This module supports the computation of the skew between two clocks:
the (relative) skew is the speed with which two clocks diverge. For
instance, if yesterday two clocks, at the same time, showed
respectively 10:00 and 10:05, while today when the former shows 10:00
the latter shows 10:04, we say that their relative skew is 1 minute/24
hours, roughly 7E-4.
The module contains one single subroutine, which accepts as input a
pair of timestamps, associated to a message from host A to
host B: the timestamps correspond to the time when the message was
sent, and to the time when message is received. Each timestamp
reflects the value of the local clock where the operation takes place:
the clock of host A for the send, the clock of B for the receive.
Please note that the module does _not_ contain any message exchange
facility, but only the mathematics needed to perform the skew
approximation, once timestamps are known.
The subroutine takes as argument:
- a reference to a hash where values related to the timing of the
network path from A to B;
- a 2-elems array (a data point in the sequel) containing the
timestamp of the receive event, and the differece between the send
timestamp and the receive timestamp for one message;
- a stack containing some data points, those that form the convex hull.
The usage is very simple, and is illustrated by the following example:
#!/usr/bin/perl -w
use strict;
use Time::Skew;
# Initialize data
my $hull=[];
my $result={};
while ( 1 ) {
# Exchange message and acquire a new data point
my $datapoint = acquire();
# Call the convexhull subroutine
Time::Skew::convexhull($result,$datapoint,$hull);
# After first message some results are still undefined
( defined $result->{skewjitter} ) || next;
# here you can use the results
};
}
The data returned in the "result" hash is the following:
result->{skew} the clock skew;
result->{skewjitter} the variance of the skew estimate, used to estimate
convergence;
result->{jitter} difference between the current delay and the
previous delay;
result->{delay} the communication delay, decremented by a constant
(yet unknown) value, used to compute communication
jitter;
result->{elems} the number of data points in the convex hull;
result->{select} the index of the data point in the convex hull used to
compute the skew;
result->{itimestamp} the timestamp, first element in the data point
just passed to the subroutine;
result->{delta} the timestamp difference, second element in the data
point just passed to the subroutine;
The data returned in the "hull" stack is a series of data points,
selected from those passed to successive calls of the subroutine.

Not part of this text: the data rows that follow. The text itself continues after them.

Lemma perm_eq_permutations_iota :
  perm_eq (permutations (iota 0 n)) (map perm_seq (enum 'S_n)).
Proof.
apply: uniq_perm => [||t]; first exact: permutations_uniq.
  by rewrite map_inj_uniq; [exact: enum_uniq | exact: perm_seq_inj].
rewrite mem_permutations; apply/idP/mapP => [/perm_seq_onto[pi <-] | [pi _ ->]].
  by exists pi; rewrite ?mem_enum.
exact: perm_eq_perm_seq.
Qed.

Lemma all2_perm_seq (e : rel nat) pi :
  all2 e (iota 0 n) (perm_seq pi) = [forall i : 'I_n, e i (pi i)].
Proof.
rewrite /perm_seq -val_enum_ord all2E !size_map eqxx zip_map all_map.
apply/allP/forallP => [all_e i | all_e i _]; last exact: all_e.
exact: all_e (mem_enum _ i).
Qed.

End PermutationSeq.

Lemma P_W_nbij W n : P_W W n = nbij W (iota 0 n) (iota 0 n).
Proof.
rewrite /nbij (seq.permP (perm_eq_permutations_iota n)) count_map.
rewrite /P_W cardsE cardE size_filter -enumT; apply: eq_count => pi.
by rewrite /= all2_perm_seq.
Qed.

Section HoleCount.
Variable m : nat.
Local Notation W := ([:: -2; -1; m%:Z])%R.

Lemma admissibleE r c : admissible W r c = [|| c.+2 == r, c.+1 == r | c == r + m].
Proof.
by rewrite /admissible !inE; lia.
Qed.

Definition nbij_hole (L d : nat) : nat := nbij W (iota 1 L) (rem d (iota 0 L.+1)).

Lemma nbij_hole_shift x L d :
  nbij W (iota x.+1 L) (rem (x + d) (iota x L.+1)) = nbij_hole L d.
Proof.
have -> : iota x.+1 L = map (addn x) (iota 1 L) by rewrite -iotaDl addn1.
have -> : iota x L.+1 = map (addn x) (iota 0 L.+1) by rewrite -iotaDl addn0.
by rewrite map_rem_inj ?nbij_shift ?rem_uniq ?iota_uniq //; exact: addnI.
Qed.

Lemma nbij_hole0 d : nbij_hole 0 d = (d == 0).
Proof. by case: d. Qed.

Lemma nbij_hole_lt L d : L < d -> nbij_hole L d = 0.
Proof.
move=> lt_Ld; apply: nbij_size.
by rewrite rem_id ?mem_iota ?size_iota; lia.
Qed.

Lemma nbij_forced_run L d k : d <= m -> m <= L -> k <= d ->
  nbij W (iota 2 L) [seq c <- iota 0 L.+2 | (c != d) && (c != m.+1)] =
  nbij W (iota k.+2 (L - k)) [seq c <- iota k (L.+2 - k) | (c != d) && (c != m.+1)].
Proof.
move=> le_dm le_mL; elim: k => [|k IH] le_kd; first by rewrite subn0.
rewrite IH; last lia.
have -> : L - k = (L - k.+1).+1 by lia.
have -> : L.+2 - k = (L.+2 - k.+1).+1 by lia.
rewrite [iota k.+2 _]/= [iota k _]/= [filter _ (k :: _)]/= ifT; last lia.
rewrite (@nbij_forced _ _ _ _ k) ?mem_head //=.
- by rewrite eqxx admissibleE eqxx mul1n.
- by rewrite mem_filter mem_iota filter_uniq ?iota_uniq // andbT; lia.
by move=> r; rewrite mem_iota admissibleE; lia.
Qed.

Lemma nbij_holeS L d : d <= m -> nbij_hole L.+1 d =
  (if d is d'.+1 then nbij_hole L d' else 0)
  + (if m <= L then nbij_hole (L - d) (m - d) else 0).
Proof.
move=> le_dm; have Ucols : uniq (rem d (iota 0 L.+2)) by rewrite rem_uniq ?iota_uniq.
rewrite {1}/nbij_hole [iota 1 _]/= nbij_cons // (bigID (pred1 0)).
rewrite (@sum_pred1_uniq _ _ 0) ?(@sum_pred1_uniq _ _ m.+1) //;
  try by move=> c /=; rewrite admissibleE; lia.
congr (_ + _).
  case: d le_dm {Ucols} => [|d] le_dm; first by rewrite mem_rem_uniqF ?iota_uniq.
  have -> : 0 \in rem d.+1 (iota 0 L.+2) by rewrite rem_iota mem_filter mem_iota.
  by rewrite mul1n -(nbij_hole_shift 1); apply: nbij_perm_eq; perm_eq_by_mem.
have -> : m.+1 \in rem d (iota 0 L.+2) = (m <= L).
  by rewrite rem_iota mem_filter mem_iota /=; lia.
case: (leqP m L) => [le_mL | _] //.
rewrite mul1n -(nbij_hole_shift d.+1).
have -> : nbij W (iota 2 L) (rem m.+1 (rem d (iota 0 L.+2))) =
          nbij W (iota 2 L) [seq c <- iota 0 L.+2 | (c != d) && (c != m.+1)].
  by apply: nbij_perm_eq; perm_eq_by_mem.
rewrite (@nbij_forced_run L d d le_dm le_mL (leqnn d)).
by apply: nbij_perm_eq; perm_eq_by_mem.
Qed.

Lemma P_W_S N : P_W W N.+1 = (m <= N) * nbij_hole N m.
Proof.
rewrite P_W_nbij {1}[iota 0 N.+1]/= nbij_cons ?iota_uniq //.
rewrite (@sum_pred1_uniq _ _ m) ?iota_uniq //.
  by rewrite mem_iota.
by move=> c; rewrite admissibleE /=; lia.
Qed.

End HoleCount.

Lemma s_aux_fuel p q f f' n : 0 < p -> 0 < q -> n < f -> n < f' ->
  s_aux p q f n = s_aux p q f' n.
Proof.
move=> p_gt0 q_gt0; elim: f f' n => [|f IH] [|f'] n //= lt_nf lt_nf'.
by congr (_ + _ + _); case: ifP => // le_pn; apply: IH; lia.
Qed.

Lemma s_pqE p q n : 0 < p -> 0 < q ->
  s_pq p q n = (n == 0) + (if p <= n then s_pq p q (n - p) else 0)
                        + (if q <= n then s_pq p q (n - q) else 0).
Proof.
move=> p_gt0 q_gt0; rewrite {1}/s_pq [LHS]/=.
by congr (_ + _ + _); case: ifP => // le_n; apply: s_aux_fuel => //; lia.
Qed.

Section SpqSequence.
Variable m : nat.
Local Notation s := (s_pq 1 (m + 2)).

Lemma s_pq0 : s 0 = 1.
Proof. by rewrite /s_pq /= addn2. Qed.

Lemma s_pqS n : s n.+1 = s n + (if m + 2 <= n.+1 then s (n.+1 - (m + 2)) else 0).
Proof. by rewrite s_pqE ?addn2 // subn1. Qed.

Lemma s_pq_small n : n <= m.+1 -> s n = 1.
Proof.
elim: n => [|n IH] le_n; first exact: s_pq0.
by rewrite s_pqS IH; last lia; case: ifP => //; lia.
Qed.

Lemma s_pqSS L : s L.+2 = s L.+1 + (if m <= L then s (L - m) else 0).
Proof.
rewrite s_pqS; have -> : (m + 2 <= L.+2) = (m <= L) by lia.
by case: ifP => // _; have -> : L.+2 - (m + 2) = L - m by lia.
Qed.

Lemma s_pq_sq_telescope n :
  ((s (n + m + 2))%:Z ^+ 2 - 1 =
   \sum_(k < n.+1) ((s k)%:Z ^+ 2 + 2 * ((s k)%:Z * (s (k + m + 1))%:Z)))%R.
Proof.
elim: n => [|n IH].
  rewrite big_ord1 add0n [X in s X]addn2 s_pqSS leqnn subnn s_pq0.
  by rewrite !s_pq_small //; lia.
rewrite big_ord_recr -IH /=.
have -> : n.+1 + m + 2 = (n + m + 1).+2 by lia.
have -> : n.+1 + m + 1 = (n + m + 1).+1 by lia.
have -> : n + m + 2 = (n + m + 1).+1 by lia.
rewrite s_pqSS ifT; last lia.
have -> : n + m + 1 - m = n.+1 by lia.
rewrite PoszD; ring.
Qed.

End SpqSequence.

Section HoleConvolution.
Variable m : nat.
Local Notation s := (s_pq 1 (m + 2)).

Definition hole_conv (L d : nat) : nat :=
  \sum_(0 <= i < L.+1) nbij_hole m (L - i) d * s i ^ 2.

Lemma hole_conv_trunc L d : d <= L ->
  hole_conv L d = \sum_(0 <= i < (L - d).+1) nbij_hole m (L - i) d * s i ^ 2.
Proof.
move=> le_dL; apply: sum_nat_trunc => [|i /andP[lt_i lt_iL]]; first lia.
by rewrite nbij_hole_lt ?mul0n //; lia.
Qed.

The
number of data points in the "hull" stack usually does not exceed 20
units.
The algorithm is very fast: each call consists in scanning at most all
data points in the "hull" stack, performing simple arithmetic operations
for each element.
The algorithm must be fed with a sequence of data points before
returning significant results. The accuracy of the estimate keeps
growing while new data points are passed to the subroutine. A rough
rule of thumb to evaluate estimate accuracy is to observe the skew
jitter, and assume it corresponds to the skew estimate accuracy. Paths
with quite regular communication delay (small jitter) converge faster.
INSTALLATION
============
perl Makefile.PL
make
make install
TESTING
=======
Move into the t/ directory and call the testing program tester.pl.
$ ./tester.pl > /tmp/out
The program takes data points from the "test_data" file, consisting of
10000 data points. Their processing takes a few seconds. Five lines
XXX HULL ALGORITHM ERROR (negative delay -7.105427357601e-15)
are expected on the stderr. As long as they are very small numbers
these warnings can be ignored. Collect the stdout in a file and compare
with expected stdout in file check.data.
The input data points are obtained simulating two clocks with a skew
of 1E-4. After 10000 data skew is estimated with an error of 4E-7,
while the skewjitter (optimistically) promises an error of 4E-9.